Analogamente, anche tra gli esseri umani, ci sono azioni concrete e altre dal valore puramente simbolico, che, tradotto, servono ad altro. Certamente se io fossi un giudice e decretassi l'arresto di una persona, questo si tradurrebbe in un gruppo di poliziotti che su mio ordine vanno a prelevare l'interessato per trasferirlo in carcere. Ma se allo stesso tempo, io, signor nessuno, sfidassi a duello un grosso politico riempendolo di contumelie, farei la classica figura del fesso, perché accadrebbe che quel politico o non mi ritenga sufficientemente degno di venir risposto oppure venga da me e, con una bella querela, mi dica "Mi scusi sig. Franco Marino. Cos'è che voleva fare?". Capitò ad un mio amico blogger: prendeva in giro per tutto il tempo Calenda, poi un giorno quest'ultimo si scocciò, condivise un suo tweet allo scopo di prenderlo in giro e il blogger, oltre a ritrovarsi per due-tre giorni riempito di insulti dai fan di quel politico, si vide minacciare una querela.
Questo è un buon motivo per non annunciare mai le proprie bellicose intenzioni. I conti con qualcuno si regolano in silenzio e con fatti concreti, non a parole e men che meno con azioni simboliche che non significano nulla.
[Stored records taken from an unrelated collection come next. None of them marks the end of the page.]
Theorem proposition9p1 :
  forall delta : R, 0 < delta < 1 / 1000 ->
  exists x0 : R, forall x : R, x0 <= x ->
  forall N : R, Rpower x (2 * delta) <= N <= Rpower x (1 / 3 + delta / 2) ->
  forall d : nat, in_Dplus (Rpower x (7 / 12 - 50 * delta)) d ->
  exists d1 d2 d3 : nat,
    (0 < d1)%N /\ (0 < d2)%N /\ (0 < d3)%N /\ d = (d1 * d2 * d3)%N /\
    INR d1 <= N / Rpower x delta /\
    N ^ 2 * INR d2 * INR d3 ^ 2 <= Rpower x (1 - delta) /\
    N ^ 2 * INR d1 * INR d2 ^ 4 * INR d3 ^ 3 <= Rpower x (2 - delta) /\
    N * INR d1 * INR d2 ^ 5 * INR d3 ^ 2 <= Rpower x (2 - delta).
Proof.
(* the argument is exact, so any threshold x0 > 1 will do *)
move=> delta Hdelta; exists 2 => x Hx N [HN1 HN2] d Hd.
have Hx1 : 1 < x by lra.
have Npos : 0 < N by apply: Rlt_le_trans HN1; apply: exp_pos.
have Htheta : 0 <= 7 / 12 - 50 * delta by lra.
have [s [Hprime [<- Hprof]]] := profile_of_Dplus Hx1 _ _ Htheta Hd.
have Hnu : 2 * delta <= Rlog x N <= 1 / 3 + delta / 2.
  rewrite -(Rlog_Rpower Hx1 (2 * delta)) -(Rlog_Rpower Hx1 (1 / 3 + delta / 2)).
  by split; apply: Rlog_le => //; apply: exp_pos.
have [cs [Hsz Htarget]] := profile_split _ _ _ Hdelta Hnu Hprof.
have Hpos : all (fun p => 0 < p)%N s by apply: sub_all Hprime => p; exact: prime_gt0.
have part_gt0 k : (0 < prodn (part k cs s))%N by apply/prodn_gt0/all_mask.
have part_exp k : Rlog x (INR (prodn (part k cs s))) =
                  rsum (part k cs (map (fun p => Rlog x (INR p)) s)).
  by rewrite Rlog_prodn ?part_map //; apply: all_mask.
exists (prodn (part L1 cs s)), (prodn (part L2 cs s)), (prodn (part L3 cs s)).
do 3 (split; first exact: part_gt0); split.
  by apply: prodn_parts; rewrite Hsz size_map.
by apply: factorization_of_target; rewrite ?part_exp //; apply: INR_gt0.
Qed.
Solo poi - e sarebbe comunque meglio mai - bisogna vantarsene.
A tutto questo viene da pensare quando leggiamo che il Tribunale Internazionale dell'Aja ha chiesto l'arresto di Putin per crimini di guerra. A parte capire quale processo abbia generato questo arresto, a parte il pericoloso punto di non ritorno che un'azione di questo tipo prevede, bisogna valutare l'atto in sé per quel che è e per come lo ha legittimamente valutato Medvedev: "Carta straccia". E non perché in teoria non sia un atto, nella sua simbolicità, gravissimo, ma perché cerca di fare presa su un'opinione pubblica che crede davvero al Diritto Internazionale e ai suoi organi. Ma qual è l'errore di questa impostazione di fondo? Diversamente dai diritti degli stati sovrani che possono disporre della vita e - in qualche caso - della morte di chiunque, il Diritto Internazionale è una finzione perché manca dell'elemento essenziale per renderlo equiparabile ai diritti dei singoli paesi: una Polizia espressione di un ente superiore a quello di TUTTI gli stati del mondo, dunque in grado effettivamente di andare a casa di Putin e arrestarlo. Cosa che ovviamente non esiste, perché quell'ente non c'è. Nel momento in cui si capisce questo, scopriremo che il diritto internazionale è un lungo elenco di enunciati teorici che inevitabilmente cede il passo ai rapporti di forza. Certamente, se il tribunale dell'Aja condannasse me, dovrei aspettarmi da un momento all'altro che arrivino le forze dell'ordine per tradurmi in galera e questo perché l'Italia, non essendo un paese sovrano, tra l'inimicarsi paesi che possono soffocarla nel giro di un'ora e la mia libertà, sceglierebbe ovviamente i propri interessi. Ma qual è il senso pratico di dichiarare un mandato d'arresto di Putin? Nessuno. Perché intanto, mentre per rincoglionire l'opinione pubblica si vuol dare a bere che si voglia semplicemente arrestarlo, esistono fior di servizi segreti che, da sempre, cercano di ammazzarlo. E poi perché di fatto non esiste nessuno oggi in grado di andare con una polizia nel Cremlino ad arrestarlo, a meno che i "poliziotti" in questione non vogliano ritornarsene imbottiti di polonio.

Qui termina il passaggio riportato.